Under the HH PPS, providers submit Outcome and Assessment Information Set (OASIS) patient assessments, which are grouped using the Patient-Driven Groupings Model (PDGM) to generate Health Insurance Prospective Payment System (HIPPS) codes; these codes are reported on Medicare claims and validated by CMS to determine payment for 30-day periods of care. The HH PPS pays a predetermined rate intended to cover the operating and capital costs of furnishing a 30-day period of home health care, including skilled nursing care; physical, occupational, and speech therapy; medical social work services; and aide services. CMS uses a home health case-mix system, the Patient-Driven Groupings Model (PDGM), that categorizes each period into 432 home health resource groups (HHRGs) to adjust payment for differences in patient characteristics.

===Inpatient rehabilitation facility PPS===
The Balanced Budget Act of 1997 also created the inpatient rehabilitation facility prospective payment system (IRF PPS). After an illness, injury, or surgery, some patients need intensive inpatient rehabilitation services, such as physical, occupational, or speech therapy, frequently provided in skilled nursing facilities (SNFs) but sometimes provided in inpatient rehabilitation facilities (IRFs). Comparatively few beneficiaries use IRFs, in part because nationwide there are far fewer IRFs than SNFs but also because to be eligible for treatment in an IRF the patient generally must be able to tolerate and benefit from three hours of therapy per day.

Under the IRF PPS, providers submit Inpatient Rehabilitation Facility Patient Assessment Instrument (IRF-PAI) patient assessments, which are grouped under case mix groups (CMGs) to generate Health Insurance Prospective Payment System (HIPPS) codes that are reported on Medicare claims and validated by CMS to determine per discharge payment. Payments to IRFs are determined by adjusting a base payment rate for geographic differences in labor costs and for case mix. Medicare patients are assigned to CMGs based on the primary reason for intensive rehabilitation care (for example, a stroke or hip fracture), age, and level of motor function. Within each of these CMGs, patients are further categorized into one of four tiers based on the presence of specific comorbidities that have been found to increase the cost of care. Payment rates are also adjusted to account for certain facility characteristics.

===Long-term care hospital PPS===
The Medicare, Medicaid, and SCHIP Balanced Budget Refinement Act of 1999 created the long-term care hospital prospective payment system (LTCH PPS). While most chronically critically ill patients—those with profound debilitation of multiple systems, frequently with ongoing respiratory failure—are treated in acute care hospitals, some receive care in long-term care hospitals (LTCHs).
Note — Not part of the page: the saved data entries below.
Lemma step_reward_ge0 p q h : is_policy H p -> is_policy H q -> (0 < h <= H)%N ->
  0 <= step_reward p q h.
Proof.
move=> Hp Hq hH; apply: sumr_ge0 => s1 _; rewrite mulr_ge0 ?nu1_ge0 //.
apply: sumr_ge0 => s _; apply: sumr_ge0 => a _; rewrite mulr_ge0 ?occ_cond_ge0 //.
apply: sumr_ge0 => s' _; apply: sumr_ge0 => a' _; rewrite mulr_ge0 ?occ_cond_ge0 //.
by case/andP: (reward_bounds s a s' a').
Qed.

Lemma step_reward_addC p q h : is_policy H p -> is_policy H q -> (0 < h <= H)%N ->
  step_reward p q h + step_reward q p h = 1.
Proof.
move=> Hp Hq hH; rewrite /step_reward -big_split /= -nu1_sum1.
apply: eq_bigr => s1 _; rewrite -mulrDr -[RHS]mulr1; congr (_ * _).
rewrite [X in _ + X](sum2_mulr_sum2_exchange (occ_cond f q h s1)) -big_split /=.
rewrite -(occ_cond_sum1 s1 Hp hH); apply: eq_bigr => s _; rewrite -big_split /=.
apply: eq_bigr => a _; rewrite -mulrDr -[RHS]mulr1; congr (_ * _).
rewrite -big_split -(occ_cond_sum1 s1 Hq hH); apply: eq_bigr => s' _.
by rewrite -big_split /=; apply: eq_bigr => a' _; rewrite -mulrDr reward_addC mulr1.
Qed.

Lemma nuV_ge0 p q : is_policy H p -> is_policy H q -> 0 <= nuV H f nu1 r p q.
Proof.
move=> Hp Hq; rewrite nuV_step_rewards big_nat; apply: sumr_ge0 => h hH.
exact: step_reward_ge0.
Qed.

Lemma nuV_addC p q : is_policy H p -> is_policy H q ->
  nuV H f nu1 r p q + nuV H f nu1 r q p = H%:R.
Proof.
move=> Hp Hq; rewrite !nuV_step_rewards -big_split /= big_nat.
rewrite (eq_bigr (fun _ => 1)) => [|h hH]; last exact: step_reward_addC.
by rewrite -big_nat sumr_const_nat subn1.
Qed.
Under the LTCH PPS, hospitals bill Medicare for services using ICD-10-CM and ICD-10-PCS codes, grouped into MS-LTC-DRGs derived from the IPPS MS-DRG system but with LTCH-specific payment adjustments, and is per discharge (per stay).

===Inpatient psychiatric facility PPS===
The Medicare, Medicaid, and SCHIP Balanced Budget Refinement Act of 1999 created the inpatient psychiatric facility prospective payment system (IPF PPS). Medicare beneficiaries with serious mental illnesses or alcohol- and drug-related problems may be treated in inpatient psychiatric facilities (IPFs), either freestanding hospitals or specialized hospital-based units. The services furnished by IPFs are intended to meet the urgent needs of those experiencing an acute behavioral health crisis.

Under the IPF PPS, payments to IPFs are determined by adjusting a daily base payment rate for geographic differences in labor costs and for differences in the costs of care related to specified patient and facility characteristics. The IPF PPS provides patient-level adjustments for age, psychiatric MS-DRGs, and selected comorbidity categories, and also provides facility adjustments that include a wage index adjustment, rural location adjustment, a teaching status adjustment, an adjustment for the presence of a qualifying emergency department, and a Cost-of-Living Adjustment for IPFs in Alaska or Hawaii. In the future, providers will submit standardized Inpatient Psychiatric Facility Patient Assessment Instrument (IPF-PAI) assessments, which are used to generate patient-level classifications reported on Medicare claims and validated by CMS to inform case-mix adjustment and per diem payment.

===Federally qualified health center PPS===
The Affordable Care Act created the Medicare federally qualified health center prospective payment system (FQHC PPS). Federally qualified health center (FQHC) and rural health clinic (RHC) services are medically necessary medical visits, mental health visits, or qualified preventive health visits, predominantly primary care, evaluation, and management services such as office visits or visits to beneficiaries in nursing homes. Both the FQHC and RHC payment systems generally bundle all professional services furnished in a single day into one payment.

FQHCs and RHCs furnish services typically provided in outpatient clinic settings. While most clinician services furnished to Medicare beneficiaries are billed under the fee schedule for physicians and other health professionals, Congress established special payment rules for FQHCs and RHCs to improve access to primary care services in rural and underserved areas. Clinicians who practice at FQHCs and RHCs may still perform such services, but Medicare pays for them separately under different payment systems, such as the clinical laboratory fee schedule or fee schedule for physicians and other health professionals.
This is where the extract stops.